Further to this, two of those 2017 islands even had a competitive species (Anolis gaigei) that all the other islands did not. This competitive element had a detrimental impact on our introduced populations. We found that male and female A. apletophallus had a reduced difference in their habitat usage on the islands with the competitor species (A. gaigei); essentially, we think interspecific competition could be driving interspecific competition. Even when this competitive element was combined with the drought, the populations of lizards exposed to a competitor still managed to cling on, albeit in very low numbers. In fact, as of summer 2022, one of these two-species islands still has a population of A. apletophallus, though the other island was not so lucky.

The ability of a population to establish itself is hugely affected by extreme climate events, such as drought.

Ultimately, we found that after being exposed to a novel environment (in this case islands), the ability of a population to establish itself is hugely affected by extreme climate events, such as drought. However, the amount of time a population spends in a new environment can mitigate the detrimental effects of a climate anomaly.
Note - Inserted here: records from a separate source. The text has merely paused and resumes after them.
Lemma eval_atp_test r X' (c : 'I_r -> 'I_n) g X nu :
  (forall u s, col X u s \in cols s) ->
  eval F X (atp_test X' c g) nu = ind (atp X' c == atp X (nu \o g)).
Proof.
move=> cols_X; rewrite /atp_test [eval _ _ (EMul _ _) _]/=.
rewrite (eval_prod_ind (P := fun ij : 'I_r * 'I_r =>
   ((nu (g ij.1) == nu (g ij.2)) == (c ij.1 == c ij.2)) &&
   (adj X (nu (g ij.1)) (nu (g ij.2)) == adj X' (c ij.1) (c ij.2)))); last first.
  by move=> ij /=; rewrite -ind_mul; congr Rmult; apply: eval_bool_test.
rewrite (eval_prod_ind (P := fun js : 'I_r * 'I_l =>
   col X (nu (g js.1)) js.2 == col X' (c js.1) js.2)); last first.
  by move=> [i s]; rewrite eval_eq_test //; apply: cols_X.
rewrite ind_mul; congr (if _ then _ else _).
apply/idP/eqP => [/andP [/allP agree_ij /allP agree_col]|/atpE [agree_ij agree_col]].
  apply/atpE; split=> [i j|i s].
    by have /andP [/eqP -> /eqP ->] := agree_ij (i, j) (mem_enum _ _).
  by have /eqP -> := agree_col (i, s) (mem_enum _ _).
apply/andP; split; apply/allP => -[i j] _ /=.
  by have [-> ->] := agree_ij i j; rewrite !eqxx.
by rewrite agree_col.
Qed.

Definition close_expr e (xs : seq 'I_m.+1) : expr :=
  foldr (fun x acc => ESum x (EMul (EEq ar l ord0 x) acc)) e xs.

Lemma eval_close_expr X e xs v : all (fun x => x != ord0) xs ->
  eval F X (close_expr e xs) (fun _ => v) = eval F X e (fun _ => v).
Proof.
elim: xs => [//|x xs IH] /= /andP [x_neq0 xs_neq0].
have upd_v : upd (fun _ => v) x v = (fun _ => v).
  by apply: functional_extensionality => z; rewrite /upd; case: ifP.
rewrite (big_only1 v) // => [|u u_neq_v _]; first by rewrite upd_v /= eqxx IH //; ring.
rewrite /= /upd eqxx [ord0 == x]eq_sym (negbTE x_neq0).
by case: eqP => [u_v|_]; [case/eqP: u_neq_v|ring].
Qed.

Lemma freeb_close_expr e xs z : freeb (close_expr e xs) z -> (z == ord0) || (z \notin xs).
Proof.
elim: xs => [|x xs IH] /=; first by rewrite orbT.
case/andP => z_x /orP [/orP [-> //|/eqP z_eq_x]|/IH]; first by case/eqP: z_x.
by rewrite in_cons negb_or z_x.
Qed.

End TestExpressions.

Arguments prod_expr : simpl never.
Arguments eq_test : simpl never.
Arguments atp_test : simpl never.

Section WLExpressible.
Variables (n l k : nat) (I : Type) (ar : I -> nat) (F : forall o : I, ('I_(ar o) -> R) -> R).
Variables (G H : graph n l).
Notation expr := (expr ar l k.+1).
Notation wl_eq := (@wl_eq n l k).

Definition gr (b : bool) := if b then G else H.

Definition cols (s : 'I_l) : seq R :=
  [seq col G u s | u <- enum 'I_n] ++ [seq col H u s | u <- enum 'I_n].

Lemma col_in_cols b u s : col (gr b) u s \in cols s.
Proof.
by rewrite mem_cat; case: b; apply/orP; [left|right]; apply: map_f; rewrite mem_enum.
Qed.

(* [(b, a, u)] stands for the vertex [u] of [gr b], seen from the [k]-tuple [a]. *)
Notation nbr := (bool * {ffun 'I_k -> 'I_n} * 'I_n)%type.

Definition same_nbr t (T1 T2 : nbr) : bool :=
  let: (b1, a1, u1) := T1 in let: (b2, a2, u2) := T2 in
  asbool (atp (gr b1) (snoc a1 u1) = atp (gr b2) (snoc a2 u2) /\
          forall i, wl_eq t (gr b1) (repl a1 i u1) (gr b2) (repl a2 i u2)).

Lemma same_nbr_refl t : reflexive (same_nbr t).
Proof. by move=> [[b a] u]; apply/asboolP; split=> // i; apply: wl_eq_refl. Qed.

Lemma same_nbr_sym t : symmetric (same_nbr t).
Proof.
move=> [[b1 a1] u1] [[b2 a2] u2] /=.
by apply/asboolP/asboolP => -[eq_atp eq_wl]; split=> // i; apply: wl_eq_sym.
Qed.

Lemma same_nbr_trans t : transitive (same_nbr t).
Proof.
move=> [[b2 a2] u2] [[b1 a1] u1] [[b3 a3] u3] /asboolP [eq12 wl12] /asboolP [eq23 wl23].
by apply/asboolP; split=> [|i]; [rewrite eq12|apply: wl_eq_trans (wl12 i) (wl23 i)].
Qed.

Definition nbr_count t (T : nbr) b (a : 'I_k -> 'I_n) : nat :=
  #|[pred u | same_nbr t T (b, finfun a, u)]|.

Lemma wl_eq_succE t b0 a0 b a :
  wl_eq t.+1 (gr b0) a0 (gr b) a <->
  wl_eq t (gr b0) a0 (gr b) a /\ forall T, nbr_count t T b0 a0 = nbr_count t T b a.
Proof.
have same_nbrP u u' : same_nbr t (b0, finfun a0, u) (b, finfun a, u') <->
    atp (gr b0) (snoc a0 u) = atp (gr b) (snoc a u') /\
    forall i, wl_eq t (gr b0) (repl a0 i u) (gr b) (repl a i u').
  by rewrite /= !finfunK; split=> /asboolP.
split=> [/= [eq_t [s [bij_s match_s]]]|[eq_t eq_counts] /=]; split=> //.
  move=> T; rewrite /nbr_count -[RHS](card_preim_bij _ bij_s).
  apply: eq_card => u; rewrite !inE.
  have /same_nbrP same_u := match_s u.
  apply/idP/idP => [T_u|T_su]; first exact: same_nbr_trans T_u same_u.
  by apply: same_nbr_trans T_su _; rewrite same_nbr_sym.
have [s [bij_s same_s]] := bij_of_class_cards (@same_nbr_refl t) (@same_nbr_sym t)
  (@same_nbr_trans t) (f1 := fun u => (b0, finfun a0, u)) (f2 := fun u => (b, finfun a, u))
  eq_counts.
by exists s; split=> // u; apply/same_nbrP.
Qed.

Local Notation test_family := (bool -> ('I_k -> 'I_n) -> ('I_k -> 'I_k.+1) -> expr).

Definition expresses_wl t (test : test_family) :=
  forall b0 a0 f, injective f -> forall b nu,
    eval F (gr b) (test b0 a0 f) nu = ind (asbool (wl_eq t (gr b0) a0 (gr b) (nu \o f))).

Definition count_test (test : test_family) (T : nbr) (f : 'I_k -> 'I_k.+1) : expr :=
  let: (b, a, u) := T in
  ESum (fresh f) (EMul (atp_test ar cols (gr b) (snoc a u) (snoc f (fresh f)))
    (prod_expr [seq test b (repl a i u) (repl f i (fresh f)) | i <- enum 'I_k])).

Lemma eval_count_test t test T f b nu : expresses_wl t test -> injective f ->
  eval F (gr b) (count_test test T f) nu = INR (nbr_count t T b (nu \o f)).
Proof.
move=> test_wl f_inj; case: T => [[b1 a1] u1].
rewrite eval_ESum -sum_ind; apply: eq_bigr => u _; set z := fresh f.
have upd_f : upd nu z u \o f = nu \o f by apply: upd_comp_avoid => i; apply: fresh_neq.
have upd_z : upd nu z u z = u by rewrite /upd eqxx.
rewrite eval_EMul eval_atp_test => [|u' s]; last exact: col_in_cols.
rewrite comp_snoc upd_f upd_z (eval_prod_ind (P := fun i =>
  asbool (wl_eq t (gr b1) (repl a1 i u1) (gr b) (repl (nu \o f) i u)))); last first.
  move=> i; rewrite test_wl; last exact: repl_fresh_inj.
  by rewrite comp_repl upd_f upd_z.
rewrite ind_mul inE /= finfunK; congr (if _ then _ else _).
apply/andP/asboolP => [[/eqP eq_atp /allP eq_wl]|[eq_atp eq_wl]].
  by split=> // i; apply/asboolP/eq_wl; rewrite mem_enum.
by split; [apply/eqP|apply/allP => i _; apply/asboolP].
Qed.

Definition count_values : seq R := [seq INR i | i <- iota 0 n.+1].

Lemma nbr_count_value t T b a : INR (nbr_count t T b a) \in count_values.
Proof.
apply: map_f; rewrite mem_iota /= ltnS.
by apply: leq_trans (max_card _) _; rewrite card_ord.
Qed.

Fixpoint wl_test t b0 (a0 : 'I_k -> 'I_n) (f : 'I_k -> 'I_k.+1) : expr :=
  if t is t'.+1 then
    EMul (wl_test t' b0 a0 f)
      (prod_expr [seq eq_test (INR (nbr_count t' T b0 a0)) count_values
                              (count_test (wl_test t') T f) | T <- enum {: nbr}])
  else atp_test ar cols (gr b0) a0 f.

Lemma eval_wl_test t : expresses_wl t (wl_test t).
Proof.
elim: t => [|t IH] b0 a0 f f_inj b nu; rewrite [wl_test _ _ _ _]/=.
  by rewrite eval_atp_test ?asbool_eq // => u s; apply: col_in_cols.
rewrite eval_EMul IH //
  (eval_prod_ind (P := fun T => nbr_count t T b (nu \o f) == nbr_count t T b0 a0)); last first.
  by move=> T; rewrite eval_eq_test (eval_count_test _ _ _ IH) ?INR_eqE ?nbr_count_value.
rewrite ind_mul; congr (if _ then _ else _).
apply/andP/asboolP => [[/asboolP eq_t /allP eq_counts]|/wl_eq_succE [eq_t eq_counts]].
  by apply/wl_eq_succE; split=> // T; apply/esym/eqP/eq_counts; rewrite mem_enum.
by split; [apply/asboolP|apply/allP => T _; apply/eqP/esym].
Qed.

End WLExpressible.

Lemma vwl_wl_agree n l k (G H : graph n l) v w : (1 <= k)%N ->
  vwl_inf_eq k G v H w -> forall t, wl_agree G H t (fun _ : 'I_k.+1 => v) (fun _ => w).
Proof.
move=> k_gt0 vwl_vw t; split=> [|p _]; last exact: vwl_vw.
have /atpE [_ agree_col] := vwl_vw 0.
by split=> [i j|i s]; rewrite /= ?eqxx ?adj_irr //; apply: (agree_col (Ordinal k_gt0)).
Qed.

Lemma TL_eq_vwl n l k (I : Type) (ar : I -> nat) (F : forall o : I, ('I_(ar o) -> R) -> R)
    (G H : graph n l) v w :
  TL_eq F k G v H w -> vwl_inf_eq k G v H w.
Proof.
move=> tl_vw t; set f0 := widen_ord (leqnSn k).
have f0_inj : injective f0 by move=> x y /(congr1 val) /= /val_inj.
set xs := [seq x <- enum 'I_k.+1 | x != ord0].
have xs_neq0 : all (fun x => x != ord0) xs by apply/allP => x; rewrite mem_filter => /andP [].
set test := wl_test ar G H t true (fun _ => v) f0.
have test_closed z : freeb (close_expr test xs) z -> z == ord0.
  by move/freeb_close_expr; rewrite mem_filter mem_enum andbT negbK orbb.
have := tl_vw _ test_closed; rewrite !eval_close_expr //.
rewrite (eval_wl_test F G H t true _ f0_inj true) (eval_wl_test F G H t true _ f0_inj false) /=.
case: asboolP => [_|]; last by case; apply: wl_eq_refl.
by case: asboolP => // _ /R1_neq_R0.
Qed.
(* Let $R$ be a commutative ring with $\mathbb{Q}\subseteq R$, $\mathcal{A}$ a commutative unital $R$-algebra, and $\mathcal{E}$ a finitely generated projective $\mathcal{A}$-module with a symmetric, strongly nondegenerate, full $\mathcal{A}$-bilinear form $\langle\cdot,\cdot\rangle$. Let $[\cdot,\cdot]$ be the bracket on $\mathcal{C}^\bullet(\mathcal{E})$ described in the context. Then there exists a unique associative, graded commutative, $R$-bilinear product $\wedge$ of degree zero on $\mathcal{C}^\bullet(\mathcal{E})$ with the following properties: - $a\wedge b=ab=b\wedge a$ for $a,b\in\mathcal{A}$; - $a\wedge x=ax=x\wedge a$ for $a\in\mathcal{A}$, $x\in\mathcal{E}$; - $[\mathsf{C}_1\wedge\mathsf{C}_2,x]=(-1)^s[\mathsf{C}_1,x]\wedge\mathsf{C}_2+\mathsf{C}_1\wedge[\mathsf{C}_2,x]$ for all $\mathsf{C}_1\in\mathcal{C}^r(\mathcal{E})$, $\mathsf{C}_2\in\mathcal{C}^s(\mathcal{E})$, $x\in\mathcal{E}$.
   Context: Strongly nondegenerate: $\mathcal{E}\to\operatorname{Hom}_{\mathcal{A}}(\mathcal{E},\mathcal{A})$ is an isomorphism. Full: every $a\in\mathcal{A}$ is a finite sum $\sum_i\langle x_i,y_i\rangle$. $\operatorname{Der}(\mathcal{A})$: $R$-linear derivations of $\mathcal{A}$. $\mathcal{C}^0(\mathcal{E})=\mathcal{A}$ and $\mathcal{C}^1(\mathcal{E})=\mathcal{E}$. For $r\ge2$, $\mathcal{C}^r(\mathcal{E})$ is the set of $\mathsf{C}\in\operatorname{Hom}_R(\mathcal{E}^{\otimes_R(r-1)},\mathcal{E})$ admitting an $R$-multilinear symbol $\sigma_{\mathsf{C}}:\mathcal{E}^{\otimes(r-2)}\to\operatorname{Der}(\mathcal{A})$ with two properties: (1) $\sigma_{\mathsf{C}}(x_1,\dots,x_{r-2})\langle u,w\rangle=\langle\mathsf{C}(x_1,\dots,x_{r-2},u),w\rangle+\langle u,\mathsf{C}(x_1,\dots,x_{r-2},w)\rangle$; (2) for $r\ge3$ and $1\le i\le r-2$, $\langle\mathsf{C}(\dots,x_i,x_{i+1},\dots)+\mathsf{C}(\dots,x_{i+1},x_i,\dots),u\rangle=\sigma_{\mathsf{C}}(x_1,\dots,\widehat{x_i},\widehat{x_{i+1}},\dots,x_{r-1},u)\langle x_i,x_{i+1}\rangle$. $\mathcal{C}^\bullet(\mathcal{E})=\bigoplus_r\mathcal{C}^r(\mathcal{E})$. $i_x\mathsf{C}$ inserts $x$ into the first argument of $\mathsf{C}\in\mathcal{C}^r$, $r\ge2$. $[\cdot,\cdot]$ is the unique $R$-bilinear graded skew-symmetric map $\mathcal{C}^r\times\mathcal{C}^s\to\mathcal{C}^{r+s-2}$ with: - $[a,b]=0$ and $[a,x]=0=[x,a]$; - $[x,y]=\langle x,y\rangle$; - $[\mathsf{D},a]=\sigma_{\mathsf{D}}(a)=-[a,\mathsf{D}]$ for $\mathsf{D}\in\mathcal{C}^2$; - $[\mathsf{C},x]=i_x\mathsf{C}=(-1)^{r+1}[x,\mathsf{C}]$ for $\mathsf{C}\in\mathcal{C}^r$ with $r\ge2$; - $[[\mathsf{C}_1,\mathsf{C}_2],x]=(-1)^s[[\mathsf{C}_1,x],\mathsf{C}_2]+[\mathsf{C}_1,[\mathsf{C}_2,x]]$. *)

From HB Require Import structures.
From mathcomp Require Import all_boot all_order all_algebra.
Set Implicit Arguments. Unset Strict Implicit. Unset Printing Implicit Defensive.
Import Order.TTheory GRing.Theory Num.Theory.
Local Open Scope ring_scope.

(* R contains Q: every positive integer is invertible in R. *)
Definition Qalgebra (R : comUnitRingType) : Prop :=
  forall n : nat, (0 < n)%N -> (n%:R : R) \is a GRing.unit.

(* Finitely generated projective A-module: a direct summand of A^n. *)
Definition fgprojective (A : comNzRingType) (E : lmodType A) : Prop :=
  exists (n : nat) (i : E -> 'rV[A]_n) (p : 'rV[A]_n -> E),
    (forall (a : A) x y, i (a *: x + y) = a *: i x + i y) /\
    (forall (a : A) v w, p (a *: v + w) = a *: p v + p w) /\
    (forall x, p (i x) = x).

(* The carrier in which the direct sum C^.(E) lives:
   an element is a pair (c0, F) where c0 : A is the degree-0 component and,
   for k >= 0, the restriction of F : seq E -> E to lists of length k is the
   degree-(k+1) component (an (R-multilinear) map E^(k) -> E; degree 1 = E,
   viewed as the value F [::]). *)
Definition Raw (A : Type) (E : Type) : Type := (A * (seq E -> E))%type.

Section Cochains.
Variables (R : comUnitRingType) (A : comAlgType R) (E : lmodType A).
Variable g : E -> E -> A.

Definition Rsc (c : R) (x : E) : E := (c%:A : A) *: x.

Definition Alinear (f : E -> A) : Prop :=
  forall (a : A) x y, f (a *: x + y) = a * f x + f y.

Definition form_bilinear : Prop :=
  (forall (a : A) x y z, g (a *: x + y) z = a * g x z + g y z) /\
  (forall (a : A) x y z, g z (a *: x + y) = a * g z x + g z y).

Definition form_symmetric : Prop := forall x y, g x y = g y x.

(* x |-> <x, .> is a bijection E -> Hom_A(E, A) *)
Definition strongly_nondegenerate : Prop :=
  (forall x y, (forall z, g x z = g y z) -> x = y) /\
  (forall f : E -> A, Alinear f -> exists x, forall z, f z = g x z).

Definition form_full : Prop :=
  forall a : A, exists s : seq (E * E), a = \sum_(p <- s) g p.1 p.2.

Definition derivation (d : A -> A) : Prop :=
  (forall (c : R) a b, d (c%:A * a + b) = c%:A * d a + d b) /\
  (forall a b, d (a * b) = d a * b + a * d b).

Definition multilin_E (n : nat) (F : seq E -> E) : Prop :=
  forall (l1 l2 : seq E) (c : R) (x y : E), (size l1 + size l2).+1 = n ->
    F (l1 ++ (Rsc c x + y) :: l2) = Rsc c (F (l1 ++ x :: l2)) + F (l1 ++ y :: l2).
This mitigation in turn is somewhat diminished in the presence of a competitor, but not completely.  So, to go back to our earlier narrative, could it be that just having more time on an island is sufficient to avoid wrack and ruin? It looks that way, at least in this case. Let’s, however, look at it in a different way, for a final take-home message. It is often thought that climate anomalies weaken ecosystems and make them more susceptible to invasive species, such as we mimicked here. Yet with our study, we have shown that climate anomalies can mitigate potential invaders if the anomaly hits before the novel species have had time to adapt.